The FDA does not review and approve dietary supplements based on their safety and effectiveness. FDA evaluates the safety of marketed dietary supplements through adverse event monitoring and research.
While dietary supplement manufacturers must ensure that their products are safe prior to marketing, FDA has several post-marketing responsibilities to ensure the safety of dietary supplements. Among those is enforcement of Good Manufacturing Practices to ensure quality throughout the manufacturing, packaging, labeling, and storing of dietary supplement products.
FDA also oversees mandatory adverse event reporting by dietary supplement manufacturers. Serious adverse events associated with the use of a dietary supplement should be reported to FDA's MedWatch Program.
In addition, the U.S. Federal Trade Commission (FTC) regulates dietary supplement advertising.

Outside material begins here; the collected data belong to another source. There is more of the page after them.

Lemma ideal_gen_sub_collapse p : ideal_gen ind_line_gens (p - collapse p).
Proof.
rewrite /collapse comp_mpolyEX {1}(mpolyE p) -sumrB.
apply: ideal_gen_sum => m; rewrite -scalerBr -mul_mpolyC; apply: ideal_genMl.
rewrite comp_mpolyX mpolyXE_id; apply: ideal_gen_prodB => i.
by rewrite tnth_mktuple; apply/ideal_gen_expB/ideal_gen_collapse_var.
Qed.

Lemma meval_ind_line_gens a b f : f \in ind_line_gens ->
  f.@[fun j => (a *: ind_row k A + b *: ind_row k B) 0 j] = 0.
Proof.
have nB i : i \in A -> (i \in B) = false by move=> iA; exact: (disjointFr dAB iA).
have nA i : i \in B -> (i \in A) = false by move=> iB; exact: (disjointFl dAB iB).
rewrite !mem_cat => /or3P [] /mapP [i iS ->]; rewrite ?mevalB !mevalXU !mxE;
  move: iS; rewrite mem_enum.
- by rewrite !inE => /norP [/negbTE -> /negbTE ->]; rewrite !mulr0 addr0.
- by move=> iA; rewrite iA r0A !nB // subrr.
- by move=> iB; rewrite iB r1B !nA // subrr.
Qed.

Lemma vanishing_ideal_ind_line p :
  vanishing_ideal (ind_line k A B) p <-> ideal_gen ind_line_gens p.
Proof.
split => [Hv|[c -> x /sub_ind_lineP [a [b ->]]]]; last first.
  rewrite raddf_sum big1 // => i _.
  by rewrite /= mevalM (meval_ind_line_gens a b (mem_nth 0 (ltn_ord i))) mulr0.
suff P0 : collapse p = 0 by have := ideal_gen_sub_collapse p; rewrite P0 subr0.
apply: (mpoly_eval_eq0 k_char0) => y; rewrite /collapse comp_mpoly_meval.
pose x : 'rV[k]_n.+1 := y r0 *: ind_row k A + y r1 *: ind_row k B.
have xL : (x <= ind_line k A B)%MS by apply/sub_ind_lineP; exists (y r0), (y r1).
rewrite -(Hv x xL); apply: meval_eq => i; rewrite tnth_mktuple /collapse_var /x !mxE.
case: ifP => iA; first by rewrite (disjointFr dAB iA) mevalXU mulr1 mulr0 addr0.
by case: ifP => iB; rewrite ?mevalXU ?meval0 mulr0 ?mulr1 ?mulr0 add0r.
Qed.

End IndicatorLineIdeal.

Lemma disjointI (T : finType) (A B : {pred T}) :
  (forall x, x \in A -> x \in B -> False) -> [disjoint A & B].
Proof.
move=> H; rewrite disjoint_subset; apply/subsetP => x xA.
by rewrite inE; apply/negP => xB; exact: H x xA xB.
Qed.

Lemma set2C (T : finType) (a b : T) : [set a; b] = [set b; a].
Proof. by apply/setP => x; rewrite !inE orbC. Qed.

Lemma disjoint_nonempty_neq (T : finType) (A B : {set T}) :
  A != set0 -> B != set0 -> [disjoint A & B] -> [&& A != B, A != A :|: B & B != A :|: B].
Proof.
move=> /set0Pn [a aA] /set0Pn [b bB] d.
apply/and3P; split; apply/negP => /eqP /setP.
- by move/(_ a); rewrite aA (disjointFr d aA).
- by move/(_ b); rewrite inE bB orbT (disjointFl d bB).
- by move/(_ a); rewrite inE aA (disjointFr d aA).
Qed.

Section GraphCurveLines.
Variables (V : finType) (adj : rel V).
Hypotheses (adj_sym : ssrbool.symmetric adj) (adj_irr : irreflexive adj)
  (deg_le3 : forall v, (deg adj v <= 3)%N) (deg3_far : deg3_far_apart adj)
  (no_triangle : triangle_free adj).

Definition nbrs v : seq V := enum [set u | adj v u].
Lemma mem_nbrs v u : (u \in nbrs v) = adj v u.
Proof. by rewrite mem_enum inE. Qed.
Lemma size_nbrs v : size (nbrs v) = deg adj v.
Proof. by rewrite /deg cardE. Qed.

Definition nbr_pos v u := index u (nbrs v).

Lemma nbr_pos_lt v u : adj v u -> nbr_pos v u < deg adj v.
Proof. by rewrite /nbr_pos -size_nbrs index_mem mem_nbrs. Qed.
(* A is X x_Y R, mapped to X x_Y X by 1 x d0; R is its graph. *)
Lemma graph_pullback : is_pullback ax (kp_diag KX) d0 dl.
Proof.
  pose proof (kp_pullback KR) as HKR. pose proof (kp_pullback KX) as HKX.
  pose proof (kp0_diag KX) as DX0. pose proof (kp1_diag KX) as DX1.
  split.
  - apply (pullback_unique HKX).
    + rew AX0. rewrite DL1. rew DX0. reflexivity.
    + rew AX1. rew DL2. rew KA1. rew DX1. reflexivity.
  - intros T u v Ev.
    assert (V0 : a1 ∘ v = u) by (rewrite <- AX0; rew Ev; rew DX0; reflexivity).
    assert (V1 : d0 ∘ (kp1 KR ∘ (a2 ∘ v)) = u).
    { pose proof (f_equal (fun z => kp1 KX ∘ z) Ev) as Z. simpl in Z. assoc_r_in Z.
      rewrite !comp_assoc, <- AX1. assoc_r. rewrite Z. rew DX1. reflexivity. }
    exists (kp1 KR ∘ (a2 ∘ v)). split; [split|].
    + exact V1.
    + apply (pullback_unique HA).
      * rew DL1. rewrite V1, V0. reflexivity.
      * apply (pullback_unique HKR).
        -- rew DL2. rew KA0. rewrite V1. rew (proj1 HA). rewrite V0. reflexivity.
        -- rew DL2. rew KA1. reflexivity.
    + intros w' W1 W2. rewrite <- W2. rew DL2. rew KA1. reflexivity.
Qed.

End GraphPullback.

Section SplitSliceMaps.
Variables (E : Category) (Sigma : split_class E).
Hypotheses (HC : finitely_complete E) (HPC : point_congruous Sigma).

(* With A = X x_Y R, the point (d0, s0) is the pullback of the Sigma-point
   A -> X (a pullback of the kernel-pair point of rr along s0) along the
   diagonal of the kernel pair of x. *)
Lemma Sigma_split_slice_map {X R Y : E} (x : Hom X Y) (rr : Hom R Y)
  (d0 : Hom R X) (s0 : Hom X R) :
  Sigma_special Sigma x -> Sigma_special Sigma rr -> x ∘ d0 = rr -> d0 ∘ s0 = 1_X ->
  Sigma d0 s0.
Proof.
  intros Sx Sr Hd Hs.
  destruct (kernel_pair_exists HC rr) as [KR]. destruct (kernel_pair_exists HC x) as [KX].
  pose proof (kp_pullback KR) as HKR. pose proof (kp_pullback KX) as HKX.
  assert (Hrs : rr ∘ s0 = x) by (rewrite <- Hd; rew Hs; reflexivity).
  destruct (pullback_exists HC (kp0 KR) s0) as [A [a1 [a2 HA]]].
  destruct (pullback_lift HA (a := 1_X) (b := kp_diag KR ∘ s0)) as [sg [SG1 SG2]].
  { rew (kp0_diag KR). reflexivity. }
  destruct (pullback_lift HKX (a := a1) (b := d0 ∘ kp1 KR ∘ a2)) as [ax [AX0 AX1]].
  { rew Hd. rew (proj1 HKR). rew (proj1 HA). rew Hrs. reflexivity. }
  destruct (pullback_lift HKR (a := s0 ∘ d0) (b := 1_R)) as [ka [KA0 KA1]].
  { rew Hrs. rewrite Hd. reflexivity. }
  destruct (pullback_lift HA (a := d0) (b := ka)) as [dl [DL1 DL2]]; [exact KA0|].
  assert (Hax : ax ∘ sg = kp_diag KX ∘ 1_X).
  { assoc_r. apply (pullback_unique HKX).
    - rew AX0. rewrite SG1, (kp0_diag KX). reflexivity.
    - rew AX1. rew SG2. rew (kp1_diag KR). rewrite Hs, (kp1_diag KX). reflexivity. }
  assert (Hdl : dl ∘ s0 = sg ∘ 1_X).
  { assoc_r. apply (pullback_unique HA).
    - rew DL1. rewrite Hs, SG1. reflexivity.
    - rew DL2. rewrite SG2. apply (pullback_unique HKR).
      + rew KA0. rew Hs. rew (kp0_diag KR). reflexivity.
      + rew KA1. rew (kp1_diag KR). reflexivity. }
  assert (Hf1 : kp0 KX ∘ ax = 1_X ∘ a1) by (assoc_r; exact AX0).
  assert (Hf2 : kp0 KX ∘ kp_diag KX = 1_X ∘ 1_X) by (assoc_r; exact (kp0_diag KX)).
  assert (Hf3 : a1 ∘ dl = 1_X ∘ d0) by (assoc_r; exact DL1).
  assert (Hs4 : d0 ∘ s0 = 1_X ∘ 1_X) by (assoc_r; exact Hs).
  pose (PA := Build_pt_ob SG1). pose (PI := Build_pt_ob (comp_id_l (1_X))).
  pose (PD := Build_pt_ob Hs).
  change (SigmaPt Sigma PD).
  apply (SigmaPt_pullback
           (al := Build_pt_hom (p := PA) (q := kp_point KX) Hf1 Hax)
           (be := Build_pt_hom (p := PI) (q := kp_point KX) Hf2 eq_refl)
           (da := Build_pt_hom (p := PD) (q := PA) Hf3 Hdl)
           (db := Build_pt_hom (p := PD) (q := PI) eq_refl Hs4)); simpl.
  - exact HPC.
  - exact (proj2 (proj1 HPC) _ _ _ _ (special_kp_point KR Sr) _ _ _ _ _ HA sg SG1 SG2).
  - apply (Sigma_iso_point HPC); apply comp_id_l.
  - exact (special_kp_point KX Sx).
  - exact (graph_pullback HA AX0 AX1 KA0 KA1 DL1 DL2).
  - apply pullback_id.
Qed.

Under the law, manufacturers of dietary supplements have three different categories of truthful and not misleading claims that can be used: health claims, structure/function claims, and nutrient content claims.
Health claims describe the connection between a nutrient or food substance and reduced risk of a disease or health-related condition and are regulated by the FDA. FDA can authorise a health claim in one of the following three ways: “Authorized health claim, Authoritative statements, Qualified health claims”.
Structure/function claims are statements that describe the role of a nutrient, the mechanism of how it helps to maintain that structure or function, or general wellbeing. Because FDA does not pre-clear structure/function claims, they must be accompanied by the disclaimer: “This statement has not been evaluated by the Food and Drug Administration. This product is not intended to diagnose, treat, cure, or prevent any disease.”
Nutrient content claims describe the level of a nutrient in a food or dietary supplement.
Under Canadian law, a nutraceutical can either be marketed as a food or as a drug; the terms "nutraceutical" and "functional food" have no legal distinction, referring to "a product isolated or purified from foods that is generally sold in medicinal forms not usually associated with food [and] is demonstrated to have a physiological benefit or provide protection against chronic disease."
Generally, developed countries have regulations in place, but there are some countries, such as those in the Asia Pacific regions or in Association of Southeast Asian Nations (ASEAN) countries, that have not yet fine-tuned their regulations for nutraceutical products. In the APAC market, most countries require a product to be registered with the country-specific Health Authority before it can be marketed. Certain countries like Singapore and Hong Kong are compliance-based markets—meaning once the product is compliant with the local regulations, the products can be launched on to the market. Certain markets like Thailand, Malaysia, Indonesia, the Philippines, Vietnam, and Taiwan require product registration with their respective Health Authority. Countries like Japan, South Korea, and China have stringent rules and regulations for product registration. Documentation and testing details are required to be submitted based on the formula and claims of the product.
A special unit of the Traditional Medicine and Health Supplements Product Working Group (TMHA PWG) helps manufacturers understand the regulatory procedures of these countries. Despite countries' own special requirements, manufacturers can follow the standards and harmonised guidelines put forth by TMHA PWG.